Brookfield Renewable Partners L.P.
A Defensive Business model with a Decent Business Prospect: Brookfield Renewable Partners L.P. (TSX: BEP.UN) is a renewable power company with an installed capacity of 19,000 MW. Brookfield Renewable is a pure-play renewable power company with its portfolio consisting of hydro, solar, wind, distributed generation and storage capacity.
The Company reported a quarterly distribution of US$ 0.5425 per LP Unit, payable on June 30, 2020. The Company maintained favorable liquidity level and reported US$ 3 billion of total liquidity available to support short-term working capital requirements to continue its operations. The Company further targets a sustainable distribution with an average growth of 5% to 9% annually.
Q1FY20 Financial Highlights: For the period ended March 31, 2020, the group’s revenue stood at US$ 792 million, as compared to US$ 825 million in pcp. The decline was due to lower power prices in North America. The Company reported a long-term average generation of 14,151 GWh, as compared to 13,493 GWh in Q1FY19. Net income stood at US$ 120 million, as compared to US$ 153 million, primarily due to an increase in direct operating costs and depreciation, partially supported by lower interest expense and income tax. The Company exited the quarter with cash and cash equivalents of US$ 294 million and total assets of US$ 32,663 million. Funds from operations stood at US$ 217 million, as compared to US$ 227 in pcp.

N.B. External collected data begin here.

(* Let $a,b,c,n,m,p,q,r$ be positive integers with $n>1$ and $r>1$, and let $$M=\begin{pmatrix} 1 & a & b\\ c & n & m\\ p & q & r\end{pmatrix}.$$ If $\mathrm{Cat}(M)\neq\emptyset$, then $n\geq ac+1$, $r\geq bp+1$, $m\geq bc$ and $q\geq ap$.
   Context: For an $n\times n$ matrix $M=(m_{ij})$ with entries in the natural numbers, $\mathrm{Cat}(M)$ denotes the collection of categories $A$ with exactly $n$ distinct objects $x_1,\dots,x_n$ such that $|A(x_i,x_j)|=m_{ij}$ for all $i,j$, where $A(x_i,x_j)$ is the set of morphisms from $x_i$ to $x_j$. *)

From HB Require Import structures.
From mathcomp Require Import all_boot all_algebra.
Set Implicit Arguments. Unset Strict Implicit. Unset Printing Implicit Defensive.

Record cat_on (n : nat) := CatOn {
  hom : 'I_n -> 'I_n -> finType;
  idm : forall i, hom i i;
  comp : forall i j k, hom j k -> hom i j -> hom i k;
  comp_id_l : forall i j (f : hom i j), comp (idm j) f = f;
  comp_id_r : forall i j (f : hom i j), comp f (idm i) = f;
  comp_assoc : forall i j k l (h : hom k l) (g : hom j k) (f : hom i j),
      comp h (comp g f) = comp (comp h g) f
}.

Definition in_Cat (n : nat) (M : 'M[nat]_n) (A : cat_on n) : Prop :=
  forall i j : 'I_n, #|hom A i j| = M i j.

Definition Cat_nonempty (n : nat) (M : 'M[nat]_n) : Prop :=
  exists A : cat_on n, in_Cat M A.

Definition mx3 (x00 x01 x02 x10 x11 x12 x20 x21 x22 : nat) : 'M[nat]_3 :=
  \matrix_(i < 3, j < 3)
    nth 0 (nth [::] [:: [:: x00; x01; x02]; [:: x10; x11; x12]; [:: x20; x21; x22]] i) j.

(* Let x0 be the object with a single endomorphism.  Then g \o f = id for
   every f : x0 -> y and g : y -> x0, so composition through x0 is injective
   on pairs, giving |A(y,x0)| |A(x0,z)| <= |A(y,z)|.  For z = y the identity
   of y is moreover not of the form f \o g: otherwise y would be isomorphic
   to x0 and have a single endomorphism, contradicting |A(y,y)| > 1. *)
From Pilot Require Import Defs.
From mathcomp Require Import all_boot all_algebra.
Import Pilot.Defs.

Section TrivialEndomorphisms.
Context {N : nat} {A : cat_on N} {x : 'I_N}.
Hypothesis card_End_x : #|hom A x x| = 1.

Lemma endo_eq_id (u : hom A x x) : u = idm A x.
Proof.
have /fintype_le1P le1 : #|hom A x x| <= 1 by rewrite card_End_x.
exact: le1.
Qed.

Lemma comp_retract y (f : hom A x y) (g : hom A y x) : comp g f = idm A x.
Proof. exact: endo_eq_id. Qed.

Lemma comp_through_inj {y z} (f0 : hom A x y) (k0 : hom A z x) :
  injective (fun p : hom A y x * hom A x z => comp p.2 p.1).
Proof.
move=> [g h] [g' h'] /= E.
have Eh : h = h'.
  have := congr1 (fun t => comp t f0) E.
  by rewrite -!comp_assoc !comp_retract !comp_id_r.
have Eg : g = g'.
  have := congr1 (comp k0) E.
  by rewrite !comp_assoc !comp_retract !comp_id_l.
by rewrite Eh Eg.
Qed.

Lemma card_hom_through_le y z :
  0 < #|hom A x y| -> 0 < #|hom A z x| ->
  #|hom A y x| * #|hom A x z| <= #|hom A y z|.
Proof.
move=> /card_gt0P [f0 _] /card_gt0P [k0 _].
by rewrite -card_prod; exact: leq_card (comp_through_inj f0 k0).
Qed.

Lemma card_End_le1_of_section y (f : hom A x y) (g : hom A y x) :
  comp f g = idm A y -> #|hom A y y| <= 1.
Proof.
move=> fg_id; apply/fintype_le1P => u v.
suff endo_id (w : hom A y y) : w = idm A y by rewrite (endo_id u) (endo_id v).
have -> : w = comp (comp f g) (comp w (comp f g)).
  by rewrite fg_id comp_id_l comp_id_r.
have -> : comp (comp f g) (comp w (comp f g)) = comp f (comp (comp (comp g w) f) g).
  by rewrite !comp_assoc.
by rewrite (endo_eq_id (comp (comp g w) f)) comp_id_l.
Qed.

Lemma card_End_lower y : 1 < #|hom A y y| ->
  #|hom A x y| * #|hom A y x| + 1 <= #|hom A y y|.
Proof.
move=> End_y_gt1.
have no_section (f : hom A x y) (g : hom A y x) : comp f g <> idm A y.
  by move/card_End_le1_of_section; rewrite leqNgt End_y_gt1.
rewrite addn1 -card_prod -card_option.
apply: (@leq_card _ _ (fun o => if o is Some p then comp p.1 p.2 else idm A y)).
move=> [[f g]|] [[f' g']|] //= E; last 2 first.
- by case: (no_section _ _ E).
- by case: (no_section _ _ (esym E)).
have Ef : f = f'.
  have := congr1 (fun t => comp t f) E.
  by rewrite -!comp_assoc !comp_retract !comp_id_r.
have Eg : g = g'.
  have := congr1 (comp g) E.
  by rewrite !comp_assoc !comp_retract !comp_id_l.
by rewrite Ef Eg.
Qed.

End TrivialEndomorphisms.

Theorem mainTheorem3 (a b c n m p q r : nat) :
  0 < a -> 0 < b -> 0 < c -> 0 < n -> 0 < m -> 0 < p -> 0 < q -> 0 < r ->
  1 < n -> 1 < r ->
  Cat_nonempty (mx3 1 a b c n m p q r) ->
  [/\ a * c + 1 <= n, b * p + 1 <= r, b * c <= m & a * p <= q].
Proof.
move=> a_gt0 b_gt0 c_gt0 _ _ p_gt0 _ _ n_gt1 r_gt1 [A cardA].
pose x0 := @Ordinal 3 0 isT; pose x1 := @Ordinal 3 1 isT; pose x2 := @Ordinal 3 2 isT.
have h00 := cardA x0 x0; have h01 := cardA x0 x1; have h02 := cardA x0 x2.
have h10 := cardA x1 x0; have h11 := cardA x1 x1; have h12 := cardA x1 x2.
have h20 := cardA x2 x0; have h21 := cardA x2 x1; have h22 := cardA x2 x2.
rewrite /mx3 !mxE /= in h00 h01 h02 h10 h11 h12 h20 h21 h22.
split.
- by have := card_End_lower h00 x1; rewrite h01 h10 h11; apply.
- by have := card_End_lower h00 x2; rewrite h02 h20 h22; apply.
- have := card_hom_through_le h00 x1 x2.
  by rewrite h01 h20 h10 h02 h12 mulnC; apply.
- have := card_hom_through_le h00 x2 x1.
  by rewrite h02 h10 h20 h01 h21 mulnC; apply.
Qed.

Q1FY20 Income Statement Highlight (Source: Company Reports)
Valuation Methodology: Price/CF based Relative Valuation
Note: All forecasted figures and peers have been taken from Thomson Reuters, NTM-Next Twelve Months
Stock Recommendation: The stock remained resilient over the last one year and generated ~59% return, while broader markets remained negative. The Company offers renewable power and has a diversified clientele primarily from public enterprises and esteemed private enterprise which ensures downside protection and safeguarding the Company’s cash flows. The power sector categorized under the ‘essential services’ which makes it a recession-free business. Investors choose these categories of businesses to protect their portfolio. The stock offers an attractive dividend yield ratio of 4.546% on an annualized basis, which is impressive looking at the current interest-rate scenario. We have valued the stock using Price to Cash-flow based relative valuation approach and taken peers like TransAlta Renewables Inc (TSX: RNW), Hydro One Ltd (TSX: H), TerraForm Power Inc (NYSE: TERP) etc. and arrived at a target price offering a double-digit upside potential (in % terms). Hence, we recommend a ‘Buy’ rating on the stock at the current market price of CAD 66.87 as on May 7, 2020.
BEP One-Year Daily Price Chart (Source: Thomson Reuters)
goeasy Ltd
Consumer Loan growth Lead to Improve Business-prospect: goeasy Ltd (TSX: GSY) provides lending and leasing services to non-prime Canadians through its easy home and easy financial business segments.
The group has declared a quarterly dividend of CAD 0.45 per share payable on July 10, 2020. During the First quarter of FY20, the Company repurchased 204,150 common shares at a price consideration of CAD 48.98.
Q1FY20 Financial Highlights: For the period ended March 2020, GSY came up with a decent number and posted revenue of CAD 167.20 million, reflecting a stellar 19.5% y-o-y growth, amidst the global slowdown on account of COVID 19 pandemic. The growth was aided by a strong momentum from interest income and commission earned, partly offset by lower lease revenue numbers. The business reported robust growth in gross consumer loans receivable and in the easy financial segment’s revenue. Operating income stood higher at CAD 44.22 million, as compared to CAD 38.81 million in pcp. The increase was primarily attributed to lower depreciation and amortization expense., while higher Salaries and benefits, Bad debts remained a drag. Net income for the first quarter of FY20 soared 20.3% on y-o-y basis to CAD 21.98 million.
Stock Recommendation: The stock of GSY has corrected ~28% in the last one year and currently trading near the lower band of its 52-week trading range of CAD 80.62 and CAD 21.08. The Company has remained as a consistent performer with 40th successive quarter of same-store sales growth and with a history of paying a dividend for the last 16 years. The Company has taken a prudent measure of focusing on digital lending capabilities on the backdrop of the shutdown of stores. The Company remain fully functional during the pandemic and operating with its full workforce, which is commendable. We believe, the operating performance of the Company to improve, aided by retail credit growth due to the current slowdown in the industry. The stock is currently trading above its 20 days simple moving average (SMA)of CAD 38.93. The stock is currently trading at a forward PE multiple of 6.1x, which is well below the industry average of 10.6x. Hence, we recommend a ‘Speculative Buy’ rating on the stock at the current market price of CAD 45.35 as on May 7, 2020.